* _Work order_
Scan the records beneath this line for the line holding "by move: card_ST;" and the line holding "by rewrite telescope_sumr", then transcribe exactly those two and all lines between.

* _Dataset entries_
(* Let $\alpha>0$ be such that $d_{g,\alpha}(p,q)=\|p^{-1}\cdot q\|_{g,\alpha}$ is a distance on $\mathbb H$ (in particular for any $0<\alpha\le 2$), where $\|(x,y,z)\|_{g,\alpha}=\big((x^2+y^2)^2+4\alpha^2z^2\big)^{1/4}$. Then BCP does not hold for $d_{g,\alpha}$ on $\mathbb H$. In particular BCP fails for the Cygan–Korányi distance $d_{g,2}$.
   Context: $\mathbb H=\mathbb R^3$ with group law $(x,y,z)\cdot(x',y',z')=(x+x',y+y',z+z'+\tfrac12(xy'-yx'))$. BCP holds for $d$ if there is $N\geq1$ such that for every bounded $A$ and every family $\mathcal B$ of closed balls with each point of $A$ the center of some ball of $\mathcal B$, some subfamily $\mathcal F\subset\mathcal B$ satisfies $\chi_A\le\sum_{B\in\mathcal F}\chi_B\le N$. *)

From Stdlib Require Import Reals List.
Open Scope R_scope.

Definition Hpt : Type := (R * R * R)%type.

Definition Hmul (p q : Hpt) : Hpt :=
  match p, q with
  | (x, y, z), (x', y', z') =>
      (x + x', y + y', z + z' + / 2 * (x * y' - y * x'))
  end.

Definition Hinv (p : Hpt) : Hpt :=
  match p with (x, y, z) => (- x, - y, - z) end.

Definition gnorm (alpha : R) (p : Hpt) : R :=
  match p with
  | (x, y, z) => sqrt (sqrt ((x ^ 2 + y ^ 2) ^ 2 + 4 * alpha ^ 2 * z ^ 2))
  end.

Definition dg (alpha : R) (p q : Hpt) : R := gnorm alpha (Hmul (Hinv p) q).

Definition is_distance (d : Hpt -> Hpt -> R) : Prop :=
  (forall p q, 0 <= d p q) /\
  (forall p q, d p q = 0 <-> p = q) /\
  (forall p q, d p q = d q p) /\
  (forall p q r, d p r <= d p q + d q r).
Lemma sing_max_le_s_seq (S T : {set 'I_d}) : (0 < #|S|)%N -> (0 < #|T|)%N ->
  sing_max (submx_of U S T) <= s_seq U (#|S| + #|T|).-1.
Proof.
move=> S_gt0 T_gt0; have -> : (#|S| + #|T|).-1 = (#|S| + #|T|).-2.+1 by lia.
rewrite s_seqE; apply: ub_le_sup; first exact: has_ubound_submx_sing_maxs.
by exists S, T; split => //; lia.
Qed.

Lemma s_seq_le1 k : s_seq U k <= 1.
Proof.
case: k => [|k]; first exact: ler01.
rewrite s_seqE; have [nonempty|empty] := pselect (submx_sing_maxs k.+1 !=set0)%classic.
  exact: ge_sup (@submx_sing_maxs_le1 _).
by rewrite sup_out ?ler01 // => -[].
Qed.

Lemma s_seq_top : (0 < d)%N -> s_seq U d = 1.
Proof.
move=> d_gt0; apply/eqP; rewrite eq_le s_seq_le1 /=.
have T_gt0 : (0 < #|[set Ordinal d_gt0]|)%N by rewrite cards1.
have S_gt0 : (0 < #|[set: 'I_d]|)%N by rewrite cardsT card_ord.
have card_ST : (#|[set: 'I_d]| + #|[set Ordinal d_gt0]|).-1 = d.
  by rewrite cardsT card_ord cards1 addn1.
have := sing_max_le_s_seq S_gt0 T_gt0.
by rewrite card_ST sing_maxE sing_max2_full_rows // sqrtr1.
Qed.

Lemma s_seq_nondecr k : (k < d)%N -> s_seq U k <= s_seq U k.+1.
Proof.
case: k => [|k] lt_kd; first exact: s_seq_ge0.
rewrite [s_seq U k.+1]s_seqE.
have [nonempty|empty] := pselect (submx_sing_maxs k.+1 !=set0)%classic; last first.
  by rewrite sup_out ?s_seq_ge0 // => -[].
apply: ge_sup => // x [S [T [S_gt0 T_gt0 card_ST ->]]].
have [i iNS] : exists i, i \notin S.
  apply/existsP; rewrite -negb_forall; apply: contraTN lt_kd => /forallP S_full.
  have S_eq : S = finset.setT by apply/setP => j; rewrite finset.in_setT S_full.
  by move: card_ST; rewrite S_eq cardsT card_ord; lia.
apply: (@le_trans _ _ (sing_max (submx_of U (i |: S) T))).
  by rewrite !sing_maxE; apply/ler_wsqrtr/sing_max2_submx_mono/T_gt0/finset.subsetUr.
have card_iST : (#|i |: S| + #|T|).-1 = k.+2 by rewrite cardsU1 iNS -addnA card_ST.
by rewrite -card_iST; apply: sing_max_le_s_seq; rewrite // cardsU1 iNS.
Qed.

End SubmatrixNorms.

Lemma state_dim_gt0 (R : realType) d (rho : 'M[R[i]]_d) : is_state rho -> (0 < d)%N.
Proof.
case: d rho => [|//] rho [_ _].
by rewrite /mxtrace big_ord0 => /eqP; rewrite eq_sym oner_eq0.
Qed.

Theorem theorem3 (R : realType) (d : nat) (Aa Bb rho : 'M[R[i]]_d) (alpha : R) :
  onb Aa -> onb Bb -> is_state rho -> 0 <= alpha ->
  let U := adjmx Aa *m Bb in
  let p := fun i : 'I_d => complex.Re ((adjmx Aa *m rho *m Aa) i i) in
  let q := fun j : 'I_d => complex.Re ((adjmx Bb *m rho *m Bb) j j) in
  tsallis alpha p + tsallis alpha q >= tsallis alpha (Wvec U).
Proof.
move=> A_onb B_onb rho_state alpha_ge0 /=.
set U := adjmx Aa *m Bb.
set p := fun i => complex.Re ((adjmx Aa *m rho *m Aa) i i).
set q := fun j => complex.Re ((adjmx Bb *m rho *m Bb) j j).
have d_gt0 := state_dim_gt0 rho_state.
have U_onb : onb U := onb_adjmx_mul A_onb B_onb.
have p_sum1 : \sum_i p i = 1 := state_diag_sum rho_state A_onb.
have q_sum1 : \sum_j q j = 1 := state_diag_sum rho_state B_onb.
have W_sum1 : \sum_k Wvec U k = 1.
  rewrite /Wvec -(big_mkord xpredT (fun k => s_seq U k.+1 - s_seq U k)).
  by rewrite telescope_sumr // s_seq_top // subr0.
have pq_le_s (S T : {set 'I_d}) : (0 < #|S|)%N -> (0 < #|T|)%N -> (#|S| + #|T| <= d.+1)%N ->
    \sum_(i in S) p i + \sum_(j in T) q j <= 1 + s_seq U (#|S| + #|T|).-1.
  move=> S_gt0 T_gt0 _; apply: le_trans (landau_pollak rho_state A_onb B_onb S T_gt0) _.
  by rewrite lerD2l sing_max_le_s_seq.
rewrite !tsallis_sum_term // /Wvec.
exact: (sum_concave_increments_le (state_diag_ge0 rho_state Aa) (state_diag_ge0 rho_state Bb)
  p_sum1 q_sum1 (erefl : s_seq U 0 = 0) (s_seq_top U_onb d_gt0) (s_seq_ge0 U_onb)
  (s_seq_nondecr U_onb) pq_le_s (tsallis_term0 alpha) (tsallis_term1 alpha)
  (tsallis_term_tangent alpha_ge0) d_gt0).
Qed.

* _Output of the task_
  by move: card_ST; rewrite S_eq cardsT card_ord; lia.
apply: (@le_trans _ _ (sing_max (submx_of U (i |: S) T))).
  by rewrite !sing_maxE; apply/ler_wsqrtr/sing_max2_submx_mono/T_gt0/finset.subsetUr.
have card_iST : (#|i |: S| + #|T|).-1 = k.+2 by rewrite cardsU1 iNS -addnA card_ST.
by rewrite -card_iST; apply: sing_max_le_s_seq; rewrite // cardsU1 iNS.
Qed.

End SubmatrixNorms.

Lemma state_dim_gt0 (R : realType) d (rho : 'M[R[i]]_d) : is_state rho -> (0 < d)%N.
Proof.
case: d rho => [|//] rho [_ _].
by rewrite /mxtrace big_ord0 => /eqP; rewrite eq_sym oner_eq0.
Qed.

Theorem theorem3 (R : realType) (d : nat) (Aa Bb rho : 'M[R[i]]_d) (alpha : R) :
  onb Aa -> onb Bb -> is_state rho -> 0 <= alpha ->
  let U := adjmx Aa *m Bb in
  let p := fun i : 'I_d => complex.Re ((adjmx Aa *m rho *m Aa) i i) in
  let q := fun j : 'I_d => complex.Re ((adjmx Bb *m rho *m Bb) j j) in
  tsallis alpha p + tsallis alpha q >= tsallis alpha (Wvec U).
Proof.
move=> A_onb B_onb rho_state alpha_ge0 /=.
set U := adjmx Aa *m Bb.
set p := fun i => complex.Re ((adjmx Aa *m rho *m Aa) i i).
set q := fun j => complex.Re ((adjmx Bb *m rho *m Bb) j j).
have d_gt0 := state_dim_gt0 rho_state.
have U_onb : onb U := onb_adjmx_mul A_onb B_onb.
have p_sum1 : \sum_i p i = 1 := state_diag_sum rho_state A_onb.
have q_sum1 : \sum_j q j = 1 := state_diag_sum rho_state B_onb.
have W_sum1 : \sum_k Wvec U k = 1.
  rewrite /Wvec -(big_mkord xpredT (fun k => s_seq U k.+1 - s_seq U k)).
  by rewrite telescope_sumr // s_seq_top // subr0.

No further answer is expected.